Stored data:
★ ★ ★

Definition C_lam (n m : nat) (f : 'rV[R]_n -> R) (h : 'rV[R]_n -> 'rV[R]_m)
  (x : 'rV[R]_n) : R := opnorm (jac (lam f h) x).
Definition beta2 (n m : nat) (f : 'rV[R]_n -> R) (h : 'rV[R]_n -> 'rV[R]_m)
  (x : 'rV[R]_n) : R := C_lam f h x / sigma_min (jac h x).
Definition beta3 (n m : nat) (h : 'rV[R]_n -> 'rV[R]_m)
  (x : 'rV[R]_n) : R := (sigma_min (jac h x))^-1.

Definition inD (n m : nat) (h : 'rV[R]_n -> 'rV[R]_m) (x : 'rV[R]_n) : Prop :=
  \rank (jac h x) = m.

Definition approx_crit (n m : nat) (f : 'rV[R]_n -> R) (h : 'rV[R]_n -> 'rV[R]_m)
  (eps0 eps1 : R) (x : 'rV[R]_n) : Prop :=
  [/\ inD h x, norm2 (h x) <= eps0 & norm2 (gradM f h x) <= eps1].

End Defs.

(* Write A for the matrix of Dh(x), J for that of Dλ(x), u = h(x) and
   r = grad_{M_x} f(x).  Differentiating Fletcher's function gives
   ∇g(x) = r + 2β A^* u - J^* u, and r is orthogonal to the range of A^*.
   Pairing ∇g(x) with A^* u gives 2β |A^* u|^2 <= (ε₁ + C_λ |u|) |A^* u|; since
   σ_min |u| <= |A^* u| (a Rayleigh-quotient bound, the minimum of the quadratic
   form on the unit sphere being an eigenvalue) and C_λ < β σ_min, this yields
   β σ_min |u| <= ε₁.  Pairing ∇g(x) with r gives |r| <= ε₁ + C_λ |u|.
   The analytic work is the differentiability of f, h and λ at x: smooth maps
   have continuous partial derivatives, hence are differentiable, and near x the
   pseudo-inverse in λ is given by Cramer's rule for the invertible Gram matrix. *)

From HB Require Import structures.
From mathcomp Require Import all_boot all_order all_algebra.
From mathcomp Require Import all_classical all_reals all_analysis.
From mathcomp Require Import ring lra.
Import Order.TTheory GRing.Theory Num.Theory.
Import numFieldNormedType.Exports.
Local Open Scope classical_set_scope.
Local Open Scope ring_scope.
Set Implicit Arguments. Unset Strict Implicit. Unset Printing Implicit Defensive.

Section Euclidean.
Variable R : realType.
Implicit Types (n : nat) (a : R).

Lemma dotpE n (u v : 'rV[R]_n) : dotp u v = (u *m v^T) 0 0.
Proof. by rewrite /dotp mxE; apply: eq_bigr => i _; rewrite mxE. Qed.

Lemma dotpC n (u v : 'rV[R]_n) : dotp u v = dotp v u.
Proof. by rewrite /dotp; apply: eq_bigr => i _; rewrite mulrC. Qed.

Lemma dotpDl n (u v w : 'rV[R]_n) : dotp (u + v) w = dotp u w + dotp v w.
Proof. by rewrite !dotpE mulmxDl mxE. Qed.

Lemma dotpZl n a (u w : 'rV[R]_n) : dotp (a *: u) w = a * dotp u w.
Proof. by rewrite !dotpE -scalemxAl mxE. Qed.

Lemma dotpNl n (u w : 'rV[R]_n) : dotp (- u) w = - dotp u w.
Proof. by rewrite !dotpE mulNmx mxE. Qed.

Lemma dotpBl n (u v w : 'rV[R]_n) : dotp (u - v) w = dotp u w - dotp v w.
Proof. by rewrite dotpDl dotpNl. Qed.

Lemma dotpDr n (u v w : 'rV[R]_n) : dotp w (u + v) = dotp w u + dotp w v.
Proof. by rewrite dotpC dotpDl !(dotpC w). Qed.

Lemma dotpZr n a (u w : 'rV[R]_n) : dotp w (a *: u) = a * dotp w u.
Proof. by rewrite dotpC dotpZl dotpC. Qed.

Lemma dotpNr n (u w : 'rV[R]_n) : dotp w (- u) = - dotp w u.
Proof. by rewrite dotpC dotpNl dotpC. Qed.

Lemma dotpBr n (u v w : 'rV[R]_n) : dotp w (u - v) = dotp w u - dotp w v.
Proof. by rewrite dotpDr dotpNr. Qed.

Lemma dotp0l n (w : 'rV[R]_n) : dotp 0 w = 0.
Proof. by rewrite dotpE mul0mx mxE. Qed.

Lemma dotp0r n (w : 'rV[R]_n) : dotp w 0 = 0.
Proof. by rewrite dotpC dotp0l. Qed.

Lemma dotp_eil n (i : 'I_n) (w : 'rV[R]_n) : dotp (ei R i) w = w 0 i.
Proof.
rewrite /dotp (bigD1 i) //= big1 => [|j ji]; first by rewrite !mxE !eqxx mul1r addr0.
by rewrite !mxE (negbTE ji) andbF mul0r.
Qed.

Lemma dotp_mulmx n m (u : 'rV[R]_n) (A : 'M[R]_(n, m)) (w : 'rV[R]_m) :
  dotp (u *m A) w = dotp u (w *m A^T).
Proof. by rewrite !dotpE trmx_mul trmxK mulmxA. Qed.

Lemma dotp_ge0 n (v : 'rV[R]_n) : 0 <= dotp v v.
Proof. by rewrite sumr_ge0 // => i _; rewrite -expr2 sqr_ge0. Qed.

Lemma dotp_eq0 n (v : 'rV[R]_n) : (dotp v v == 0) = (v == 0).
Proof.
apply/idP/eqP => [|->]; last by rewrite dotp0l.
rewrite psumr_eq0 => [/allP v0|i _]; last by rewrite -expr2 sqr_ge0.
apply/rowP => i; rewrite mxE.
by have /implyP := v0 i (mem_index_enum _); rewrite -expr2 sqrf_eq0 => /(_ isT)/eqP.
Qed.

Lemma norm20 n : norm2 (0 : 'rV[R]_n) = 0.
Proof. by rewrite /norm2 dotp0l sqrtr0. Qed.

Lemma norm2_ge0 n (v : 'rV[R]_n) : 0 <= norm2 v.
Proof. exact: sqrtr_ge0. Qed.

Lemma norm2_sqr n (v : 'rV[R]_n) : norm2 v ^+ 2 = dotp v v.
Proof. by rewrite sqr_sqrtr // dotp_ge0. Qed.

Lemma norm2_eq0 n (v : 'rV[R]_n) : (norm2 v == 0) = (v == 0).
Proof. by rewrite sqrtr_eq0 le_eqVlt ltNge dotp_ge0 orbF dotp_eq0. Qed.

Lemma norm2_gt0 n (v : 'rV[R]_n) : (0 < norm2 v) = (v != 0).
Proof. by rewrite lt_def norm2_eq0 norm2_ge0 andbT. Qed.

Lemma norm2Z n a (v : 'rV[R]_n) : norm2 (a *: v) = `|a| * norm2 v.
Proof.
rewrite /norm2 dotpZl dotpZr mulrA -expr2 sqrtrM ?sqr_ge0 //.
by rewrite sqrtr_sqr.
Qed.

Lemma norm2N n (v : 'rV[R]_n) : norm2 (- v) = norm2 v.
Proof. by rewrite /norm2 dotpNl dotpNr opprK. Qed.

Lemma dotp_le_norm2 n (u v : 'rV[R]_n) : dotp u v <= norm2 u * norm2 v.
Proof.
have [->|u0] := eqVneq u 0; first by rewrite dotp0l mulr_ge0 ?norm2_ge0.
have [->|v0] := eqVneq v 0; first by rewrite dotp0r mulr_ge0 ?norm2_ge0.
set a := norm2 u; set b := norm2 v.
have a0 : 0 < a by rewrite norm2_gt0.
have b0 : 0 < b by rewrite norm2_gt0.
(* expand [0 <= |b u - a v|^2] *)
have := dotp_ge0 (b *: u - a *: v).
rewrite !(dotpBl, dotpBr, dotpZl, dotpZr) -!norm2_sqr -/a -/b (dotpC v u) => H.
have : 0 <= 2 * a * b * (a * b - dotp u v) by nra.
by rewrite pmulr_rge0 ?subr_ge0 // !mulr_gt0.
Qed.

Lemma normr_dotp_le_norm2 n (u v : 'rV[R]_n) : `|dotp u v| <= norm2 u * norm2 v.
Proof.
by rewrite ler_norml dotp_le_norm2 andbT lerNl -dotpNl -(norm2N u) dotp_le_norm2.
Qed.

End Euclidean.

Section MatrixCalculus.
Variable R : realType.
Variable V : normedModType R.
Variable x : V.

Lemma differentiable_sumr (W : normedModType R) (I : Type) (r : seq I) (P : pred I)
    (G : I -> V -> W) :
  (forall i, differentiable (G i) x) ->
  differentiable (fun y => \sum_(i <- r | P i) G i y) x.
Proof.
by move=> dG; rewrite -fct_sumE; elim/big_ind: _ => // *; apply: differentiableD.
Qed.

Lemma differentiable_prodr (I : Type) (r : seq I) (P : pred I) (G : I -> V -> R) :
  (forall i, differentiable (G i) x) ->
  differentiable (fun y => \prod_(i <- r | P i) G i y) x.
Proof.
by move=> dG; rewrite -fct_prodE; elim/big_ind: _ => // *; apply: differentiableM.
Qed.

Lemma differentiable_entry p q (M : V -> 'M[R]_(p, q)) i j :
  differentiable M x -> differentiable (fun y => M y i j) x.
Proof. by move=> dM; exact: differentiable_comp dM (differentiable_coord _ i j). Qed.

Lemma differentiable_entriesP p q (M : V -> 'M[R]_(p, q)) :
  differentiable M x <-> forall i j, differentiable (fun y => M y i j) x.
Proof.
split=> [dM i j|dMij]; first exact: differentiable_entry.
have -> : M = fun y => \sum_i \sum_j M y i j *: delta_mx i j.
  by apply: funext => y; rewrite -matrix_sum_delta.
apply: differentiable_sumr => i; apply: differentiable_sumr => j.
exact: differentiableZl.
Qed.

Lemma differentiable_trmx p q (M : V -> 'M[R]_(p, q)) :
  differentiable M x -> differentiable (fun y => (M y)^T) x.
Proof.
move=> dM; apply/differentiable_entriesP => i j.
under eq_fun do rewrite mxE; exact: differentiable_entry.
Qed.

Lemma differentiable_scalemx p q (c : V -> R) (M : V -> 'M[R]_(p, q)) :
  differentiable c x -> differentiable M x -> differentiable (fun y => c y *: M y) x.
Proof.
move=> dc dM; apply/differentiable_entriesP => i j.
under eq_fun do rewrite mxE; apply: differentiableM => //; exact: differentiable_entry.
Qed.

Lemma differentiable_mulmx p q r (M : V -> 'M[R]_(p, q)) (N : V -> 'M[R]_(q, r)) :
  differentiable M x -> differentiable N x -> differentiable (fun y => M y *m N y) x.
Proof.
move=> dM dN; apply/differentiable_entriesP => i j.
under eq_fun do rewrite mxE; apply: differentiable_sumr => k.
by apply: differentiableM; exact: differentiable_entry.
Qed.

Lemma differentiable_det p (M : V -> 'M[R]_p) :
  differentiable M x -> differentiable (fun y => \det (M y)) x.
Proof.
move=> dM; apply: differentiable_sumr => s; apply: differentiableM.
  exact: differentiable_cst.
by apply: differentiable_prodr => i; exact: differentiable_entry.
Qed.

★ ★ ★

Precisely reproduce the lines of the entries, beginning at the first and ending at the one containing "Implicit Types (n : nat) (a : R).". Add nothing.

Definition C_lam (n m : nat) (f : 'rV[R]_n -> R) (h : 'rV[R]_n -> 'rV[R]_m)
  (x : 'rV[R]_n) : R := opnorm (jac (lam f h) x).
Definition beta2 (n m : nat) (f : 'rV[R]_n -> R) (h : 'rV[R]_n -> 'rV[R]_m)
  (x : 'rV[R]_n) : R := C_lam f h x / sigma_min (jac h x).
Definition beta3 (n m : nat) (h : 'rV[R]_n -> 'rV[R]_m)
  (x : 'rV[R]_n) : R := (sigma_min (jac h x))^-1.

Definition inD (n m : nat) (h : 'rV[R]_n -> 'rV[R]_m) (x : 'rV[R]_n) : Prop :=
  \rank (jac h x) = m.

Definition approx_crit (n m : nat) (f : 'rV[R]_n -> R) (h : 'rV[R]_n -> 'rV[R]_m)
  (eps0 eps1 : R) (x : 'rV[R]_n) : Prop :=
  [/\ inD h x, norm2 (h x) <= eps0 & norm2 (gradM f h x) <= eps1].

End Defs.

(* Write A for the matrix of Dh(x), J for that of Dλ(x), u = h(x) and
   r = grad_{M_x} f(x).  Differentiating Fletcher's function gives
   ∇g(x) = r + 2β A^* u - J^* u, and r is orthogonal to the range of A^*.
   Pairing ∇g(x) with A^* u gives 2β |A^* u|^2 <= (ε₁ + C_λ |u|) |A^* u|; since
   σ_min |u| <= |A^* u| (a Rayleigh-quotient bound, the minimum of the quadratic
   form on the unit sphere being an eigenvalue) and C_λ < β σ_min, this yields
   β σ_min |u| <= ε₁.  Pairing ∇g(x) with r gives |r| <= ε₁ + C_λ |u|.
   The analytic work is the differentiability of f, h and λ at x: smooth maps
   have continuous partial derivatives, hence are differentiable, and near x the
   pseudo-inverse in λ is given by Cramer's rule for the invertible Gram matrix. *)

From HB Require Import structures.
From mathcomp Require Import all_boot all_order all_algebra.
From mathcomp Require Import all_classical all_reals all_analysis.
From mathcomp Require Import ring lra.
Import Order.TTheory GRing.Theory Num.Theory.
Import numFieldNormedType.Exports.
Local Open Scope classical_set_scope.
Local Open Scope ring_scope.
Set Implicit Arguments. Unset Strict Implicit. Unset Printing Implicit Defensive.

Section Euclidean.
Variable R : realType.
Implicit Types (n : nat) (a : R).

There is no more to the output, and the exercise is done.